I was informed through email at work that Buster was coming to the house. Oh, don’t you remember Buster? He’s the guy who says he’ll restretch the carpet as a favor, a ministry of sorts. That’s nice. So tonight we need to clear out the dining room and master bedroom furniture. (pause) That’s nice.
We scooted the china cabinet without unloading much, the drop leaf secretary, table, and chairs. I’m an old hand at this. I rearrange furniture on a regular basis, have been since I was nine. We moved the night stands, the vanity table. No problem.
Jim brought Buster to the house and helped Honey move more stuff. When I came home yesterday stuff was stacked and shoved into corners. Buster was quietly de-wrinkling the carpet here and there. Honey proudly pointed out what was once lumpy was now smooth. Cool. I cooked chicken and baked potatoes. When all was finished and we sat down to eat, Buster casually mentioned he doesn’t eat chicken. Have another potato.
Since the mattress and box spring had to be removed and the sheets were just moved to the dryer, now was a good time to put the bed back together. Slats first, box second, unreasonably heavy mattress last. Later, as I was checking the email one more time, the call came to help with the sheets and blanket. No problem. I flipped and snapped the top sheet as Mom had taught me, tucked it in and reached for the blanket. As I raised it to snap it and let it float down for smoothing and tucking, it caught my left middle fingernail and ripped that puppy open left side to right side all but an 1/8 th of an inch off halfway down the nail bed! I did not swear, not because I’m so holy, but because I had no more ability than to mime an “AAHH!!” and no air to swear with. I rinsed it and taped the homeless part down with a band aid so I could try to sleep.

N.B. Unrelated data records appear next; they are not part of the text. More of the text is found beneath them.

(* Let $N$ be an even positive integer and $\hbar=1/(2\pi N)$. Then for every $m\in\{0,\dots,N-1\}$, $XF\Phi_m^{(0,0)}=F\Phi_m^{(0,0)}$ and $YF\Phi_m^{(0,0)}=F\Phi_m^{(0,0)}$.
   Context: On $L^2(\mathbb{R})$ with $[\widehat{x},\widehat{p}]=i\hbar$, $|x\rangle_x$ are position eigen-distributions. $\Phi_m^{(0,0)}=N^{-1/2}\sum_{k\in\mathbb{Z}}|m/N+k\rangle_x$ (periodic $\delta$-comb). $X^s=e^{is\widehat{x}/\hbar}$, $Y^s=e^{is\widehat{p}/\hbar}$ for real $s$ (so $X=e^{2\pi iN\widehat{x}}$, $Y=e^{2\pi iN\widehat{p}}$). Projections $L,R,E_x,O_x$ are multiplication in position representation by the indicators of $[0,1/2)+\mathbb{Z}$, $[1/2,1)+\mathbb{Z}$, $[0,1)+2\mathbb{Z}$, $[1,2)+2\mathbb{Z}$; $B,T,E_p,O_p$ are the analogous projections in momentum representation onto $[0,1/2)+\mathbb{Z}$, $[1/2,1)+\mathbb{Z}$, $[0,1)+2\mathbb{Z}$, $[1,2)+2\mathbb{Z}$; these act on $\delta$-comb distributions by pointwise multiplication by the indicator at the support points. $S=\exp\!\left(-\frac{i\log2}{2\hbar}(\widehat{x}\widehat{p}+\widehat{p}\widehat{x})\right)$, acting on distributions by $S|x\rangle_x=\sqrt2\,|2x\rangle_x$ (so $S^\dagger\widehat{x}S=2\widehat{x}$). The propagator is $F=S(L+X^{-1}R)(E_p+Y^{-1/2}O_p)$, which the paper also writes as $(E_x+X^{-1/2}O_x)(B+Y^{-1}T)S$. *)

From Stdlib Require Import Reals ZArith ClassicalEpsilon.
From Coquelicot Require Import Complex.
Open Scope R_scope.

(** A (formal) delta-comb distribution  psi = sum_x c(x) |x>  (position basis),
    represented by its coefficient function c : R -> C (zero off the support).
    The same type is used for momentum-basis combs  sum_p d(p) |p>_p. *)
Definition comb := R -> C.

Definition ind (P : Prop) : C :=
  if excluded_middle_informative P then RtoC 1 else RtoC 0.

Definition cexpi (t : R) : C := (cos t, sin t).

Fixpoint csum (K : nat) (f : nat -> C) : C :=
  match K with O => RtoC 0 | S k => Cplus (csum k f) (f k) end.

Definition on_lattice (b x : R) : Prop := exists k : Z, x = IZR k * b.

Definition IsComb (a : R) (K : nat) (c : comb) : Prop :=
  0 < a /\ (0 < K)%nat /\
  (forall x, c x <> RtoC 0 -> on_lattice a x) /\
  (forall x, c (x + INR K * a) = c x).

Definition pres (c : comb) : R * nat :=
  epsilon (inhabits (1, 1%nat)) (fun q => IsComb (fst q) (snd q) c).
Lemma within_continuous_edist A phi :
  (forall x, A x -> exists2 d : R, 0 < d & exists C : R, forall x', A x' ->
     edist x x' <= d -> edist (phi x) (phi x') <= C * edist x x') ->
  {within A, continuous phi}.
Proof.
move=> phi_lip; apply/subspace_continuousP => x Ax.
have [d d_gt0 [C phiC]] := phi_lip x Ax.
apply/cvgrPdist_lt => eps eps_gt0; rewrite near_withinE.
have e_gt0 : 0 < Num.min d (eps / (`|C| + 1)).
  by rewrite lt_min d_gt0 divr_gt0 // ltr_wpDl.
apply: filterS (edist_nbhs x e_gt0) => x' xx' Ax'.
rewrite lt_min in xx'; case/andP: xx' => xx'_d xx'_eps.
apply: le_lt_trans (normr_le_enorm _) (le_lt_trans (phiC x' Ax' (ltW xx'_d)) _).
rewrite ltr_pdivlMr ?ltr_wpDl // in xx'_eps.
have := edist_ge0 x x'; have := ler_norm C; nra.
Qed.

Lemma b_infty_continuous A B phi (K : R) :
  open A -> bdry A !=set0 -> bdry B !=set0 -> 0 < K ->
  (forall x x', A x -> A x' ->
     (b_infty B (phi x) (phi x') <= K%:E * b_infty A x x')%E) ->
  {within A, continuous phi}.
Proof.
move=> oA A_ne [w Bw] K_gt0 bBA; apply: within_continuous_edist => x Ax.
have Ax_gt0 := bdist_gt0 oA A_ne Ax.
exists (bdist A x / (2 * K)); first by rewrite divr_gt0 ?mulr_gt0.
exists (2 * K * edist (phi x) w / bdist A x) => x' Ax' xx'.
exact: edist_le_of_b_infty Bw Ax_gt0 K_gt0 (bBA _ _ Ax Ax') xx'.
Qed.

End Continuity.

Lemma limf_esup_le {T : choiceType} {X : filteredType T} {R : realType}
    (f : X -> \bar R) (F : set_system X) (b : \bar R) :
  (\forall x \near F, (f x <= b)%E) -> (limf_esup f F <= b)%E.
Proof.
move=> Ffb; apply: le_trans (ereal_inf_lbound _) _; first by exists [set x | (f x <= b)%E].
by apply: ge_ereal_sup => _ [x fxb <-].
Qed.

Lemma ediv_le_fin {R : realType} (x y : \bar R) (a b : R) : 0 <= a -> 0 < b ->
  (x <= a%:E)%E -> (b%:E <= y)%E -> (x / y <= (a / b)%:E)%E.
Proof.
move=> a_ge0 b_gt0 xa; case: y => [y by_| _ | //].
  rewrite lee_fin in by_; have y_gt0 := lt_le_trans b_gt0 by_.
  rewrite inver gt_eqF //.
  apply: le_trans (lee_wpmul2r _ xa) _; first by rewrite lee_fin invr_ge0 ltW.
  by rewrite -EFinM lee_fin ler_wpM2l // lef_pV2.
by rewrite invey mule0 lee_fin divr_ge0 // ltW.
Qed.

Section Dilatation.
Variables (R : realType) (n : nat) (G D : set 'rV[R]_n) (f : 'rV[R]_n -> 'rV[R]_n) (L : R).
Hypotheses (oG : open G) (oD : open D) (G_bdry : bdry G !=set0) (D_bdry : bdry D !=set0).
Hypotheses (fGD : forall x, G x -> D (f x)) (L_ge1 : 1 <= L).
Hypothesis bGD : forall x x', G x -> G x' ->
  (b_infty G x x' <= L%:E * b_infty D (f x) (f x'))%E.
Hypothesis bDG : forall x x', G x -> G x' ->
  (b_infty D (f x) (f x') <= L%:E * b_infty G x x')%E.
Variable z : 'rV[R]_n.
Hypothesis Gz : G z.

Let L_gt0 : 0 < L. Proof. exact: lt_le_trans ltr01 L_ge1. Qed.
Let dG := bdist G z.
Let dD := bdist D (f z).
Let dG_gt0 : 0 < dG. Proof. exact: bdist_gt0. Qed.
Let dD_gt0 : 0 < dD. Proof. exact/bdist_gt0/fGD. Qed.

Section Sphere.
Variable r : R.
Hypotheses (r_gt0 : 0 < r) (sphere_G : forall z1, edist z1 z = r -> G z1).

Lemma Lf_le : r <= dG / (2 * L) -> (Lf f z r <= (5 / 2 * L * dD / dG * r)%:E)%E.
Proof.
move=> r_le; have [w Dw w_le] := bdist_approx (f z) D_bdry (divr_gt0 dD_gt0 (ltr0n _ 4)).
apply: ge_ereal_sup => _ [z1 z1z <-]; rewrite lee_fin edistC.
have zz1 : edist z z1 = r by rewrite edistC.
apply: le_trans (edist_le_of_b_infty Dw dG_gt0 L_gt0 (bDG Gz (sphere_G z1z)) _) _.
  by rewrite zz1.
rewrite zz1 -/dG ler_pM2r // ler_pM2r ?invr_gt0 //; rewrite -/dD in w_le.
have := ler_wpM2l (ltW L_gt0) w_le; lra.
Qed.

Lemma lf_ge : r <= dG / 4 -> ((2 / 3 * dD / (L * dG) * r)%:E <= lf f z r)%E.
Proof.
move=> r_le; have [w Gw w_le] := bdist_approx z G_bdry (divr_gt0 dG_gt0 (ltr0n _ 4)).
apply: le_ereal_inf_tmp => _ [z1 z1z <-]; rewrite lee_fin edistC.
have zz1 : edist z z1 = r by rewrite edistC.
have := b_infty_ratio_le Gw dD_gt0 (ltW L_gt0) (bGD Gz (sphere_G z1z)).
rewrite zz1 => ratio_le.
have ratio_ge : 2 / 3 * r / dG <= r / (edist z w + r).
  have -> : 2 / 3 * r / dG = r / (3 / 2 * dG) by field; rewrite gt_eqF.
  rewrite -/dG in w_le; have zw_ge0 := edist_ge0 z w.
  by rewrite ler_pM2l // lef_pV2 ?posrE ?mulr_gt0 ?ltr_wpDl //; lra.
have -> : 2 / 3 * dD / (L * dG) * r = dD / L * (2 / 3 * r / dG).
  by field; rewrite !gt_eqF.
have -> : edist (f z) (f z1) = dD / L * (L * (edist (f z) (f z1) / dD)).
  by field; rewrite !gt_eqF.
apply: ler_wpM2l; first by rewrite divr_ge0 ?ltW.
by rewrite -/dD in ratio_le; exact: le_trans ratio_ge ratio_le.
Qed.

End Sphere.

Tammy, I don’t know how many applications I’ll get done for you today. I ripped my nail almost off. How did you manage that? I was making the bed. I moved furniture without incident but tore off a nail making a BED!
I’ve decided I don’t like making beds.
To shorten the story, I bathed, dressed and pinned on the hair piece with one hand. I made enough time to go to Wally’s for nail glue, fake nails, and those funny rubber finger tips all the while trying not to move the affected finger lest the band aid pull on it causing me to levitate 5 feet straight up.
The glue and fake nail sealed and immobilized it so that it feels like I only thumped it with a heavy object. As for before and after 8×10 portraits, I’ll let you use your imagination.
I did not take a picture….. yet. Let’s wait and see what it looks like when the fake nail loosens.